Using washers between the pedal and the crank is not really a good solution. The Rule of Thumb for thread engagement is the diameter of the thread plus one or two threads (can't remember which). That's what you need to develop maximum strength in the axial direction. However, pedals are loaded laterally. The threads for 2 and 3 piece cranks is 9/16" (dia) x 20 threads per inch. 20 threads per inch means that each thread represents .050" in linear travel. So, in theory, the engagement should be 9/16" + .050" + maybe another .050". But, since we are not concerned so much with axial load, the distance is shortened. As I said, the thread on my extender is 7/16" long. The female thread in the crank is longer; maybe 9/16" or slightly longer. Assuming the male thread on your pedal is 9/16" long, your engagement is down to 5/16". Under load, this may lead to damaging the female threads in the crank.


----------



## nightfend (Mar 15, 2009)

As someone else mentioned. Double-check your SPD-SL cleats. They allow 3 or 4mm of left/right movement. So it is possible you tightened them down so they were too far outward on the shoe, which moved your foot inward towards the crank.


----------



## flatlander_48 (Nov 16, 2005)

Yes, but if .250" is needed, that adjustment would only net about .160" at most...


----------



## heavyhitter (Jan 2, 2009)

flatlander_48 said:


> Using washers between the pedal and the crank is not really a good solution. The Rule of Thumb for thread engagement is the diameter of the thread plus one or two threads (can't remember which). That's what you need to develop maximum strength in the axial direction. However, pedals are loaded laterally. The threads for 2 and 3 piece cranks is 9/16" (dia) x 20 threads per inch. 20 threads per inch means that each thread represents .050" in linear travel. So, in theory, the engagement should be 9/16" + .050" + maybe another .050". But, since we are not concerned so much with axial load, the distance is shortened. As I said, the thread on my extender is 7/16" long. The female thread in the crank is longer; maybe 9/16" or slightly longer. Assuming the male thread on your pedal is 9/16" long, your engagement is down to 5/16". Under load, this may lead to damaging the female threads in the crank.
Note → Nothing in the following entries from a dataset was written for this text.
Lemma sp_act_frame A B C D P Q P' Q' :
  Q \in unitmx -> Q' \in unitmx ->
  cmx A *m P + cmx B *m Q = P' -> cmx C *m P + cmx D *m Q = Q' ->
  sp_act (block_mx A B C D) (P *m invmx Q) = P' *m invmx Q'.
Proof.
move=> Qu Q'u EP EQ.
rewrite /sp_act block_mxKul block_mxKur block_mxKdl block_mxKdr.
have frac (X Y : 'M[R[i]]_n) :
    X *m (P *m invmx Q) + Y = (X *m P + Y *m Q) *m invmx Q.
  by rewrite mulmxDl -!mulmxA mulmxV // mulmx1.
have Mu : Q' *m invmx Q \in unitmx by rewrite unitmx_mul Q'u unitmx_inv.
rewrite !frac EP EQ -[RHS](mulmxK Mu); congr (_ *m _).
by rewrite mulmxA mulmxKV.
Qed.

Lemma siegel_gamma_frame A B C D P Q :
  lagrangian_frame P Q ->
  cmx A *m P + cmx B *m Q = - conjm P -> cmx C *m P + cmx D *m Q = conjm Q ->
  siegel_gamma (block_mx A B C D) (P *m invmx Q).
Proof.
move=> frame EP EQ; split; first exact: frame_in_siegel.
have Qu := frame_unitmx frame.
by rewrite (sp_act_frame Qu _ EP EQ) ?map_unitmx // tau_ZE map_mxM map_invmx mulNmx.
Qed.

End SiegelSpace.

Section FixedPoint.
Variables (R : realType) (n : nat) (A B C D : 'M[R]_n) (Z : 'M[R[i]]_n).
Hypothesis Zfix : siegel_gamma (block_mx A B C D) Z.

(* gamma Z = N M^-1; M is the automorphy factor j(gamma, Z). *)
Local Notation Y := (map_mx (@complex.Im R) Z).
Local Notation N := (cmx A *m Z + cmx B).
Local Notation M := (cmx C *m Z + cmx D).

Let Zsym : Z^T = Z. Proof. by case: Zfix => -[]. Qed.
Let Ysym : Y^T = Y. Proof. by rewrite map_trmx Zsym. Qed.
Let Ypos : posdefmx Y. Proof. by case: Zfix => -[]. Qed.
Lemma ear_join a m1 r1 c m2 r2 : ear a m1 r1 -> ear c m2 r2 -> a != c ->
  has (mem r2) r1 -> exists r, ear a c r.
Proof.
move=> [lt_aN _ _ path1 uniq1 off1 _] [lt_cN _ _ path2 uniq2 off2 _] neq_ac has_r12.
move: path1 uniq1 off1; case: (split_find has_r12) => u s1 s2 u_r2 s1_r2.
move: path2 uniq2 off2 s1_r2; case: (path.splitP (u_r2 : u \in r2)) => t1 t2.
move=> path2 uniq2 off2 s1_r2 path1 uniq1 off1.
exists (s1 ++ rev (rcons t1 u)); split=> //.
- rewrite rev_rcons -cat_rcons rcons_cat cat_path last_rcons.
  move: path1 path2; rewrite !rcons_cat !cat_path !last_rcons => /andP[-> _] /andP[+ _].
  exact: path_rcons_rev.
- rewrite cat_uniq rev_uniq has_rev.
  move: uniq1 uniq2; rewrite !cat_uniq rcons_uniq => /and3P[/andP[_ ->] _ _] /and3P[-> _ _].
  rewrite /= andbT; apply/hasPn => z z_t1; apply: contra s1_r2 => z_s1.
  by apply/hasP; exists z => //=; rewrite mem_cat z_t1.
- rewrite has_cat has_rev negb_or; apply/andP; split.
    by apply: contra off1; rewrite has_cat has_rcons => ->; rewrite orbT.
  by apply: contra off2; rewrite has_cat => ->.
- by rewrite size_cat size_rev size_rcons addnS.
Qed.

Hypothesis e_irr : irreflexive e.
Hypothesis x_neq_y : x != y.
Hypothesis G2c : two_connected (add_edge e x y).

Lemma mem_y : y \in P.
Proof. by rewrite -v_last mem_v. Qed.

Lemma notin_xy z : z \notin P -> z \notin [:: x; y].
Proof.
move=> zNP; rewrite !inE negb_or; apply/andP.
by split; apply: contraNneq zNP => ->; rewrite ?mem_head ?mem_y.
Qed.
Thank you for the indepth reply...I am trying to figure out what my options really are...I know the washers are not the "Best" choice, and are only temporary for fitting purposes and to get things lined up. I would hate to have my friend purchase a Speedplay system, if we could somehow find the appropriate "extender" with male/female threaded design to account for 1/4" it would be great. But, it doesn't sound like there would be enough material with how close the two sets of threads would be and not strong enough. Therefore, reassuring that the availability of different lengths of spindles with the Speedplays would be the appropriate choice. Now to figure out if the 56 or 59mm choice would be correct. 

Tim


----------



## flatlander_48 (Nov 16, 2005)

What you need to do is start measuring pedals with a 6" steel rule. That will be much easier to handle than a tape measure and will usually have both inch and metric scales. You'll have to guess a bit as to where the center of the pedal is with respect to where your foot position is. Speedplays, for example, are round so the center of the cleat will be the center of the circular body of the foot pad. Others may be trickier to sort out.


----------



## heavyhitter (Jan 2, 2009)

I just spoke with my LBS and they said the Shimano 105 and Speedplay Stainless Standard spindle lengths should be dead nuts. So, I am going ahead with the 59mm stainless setup for my friend and all should be golden. Thank you everyone for your time and information. 

Tim


----------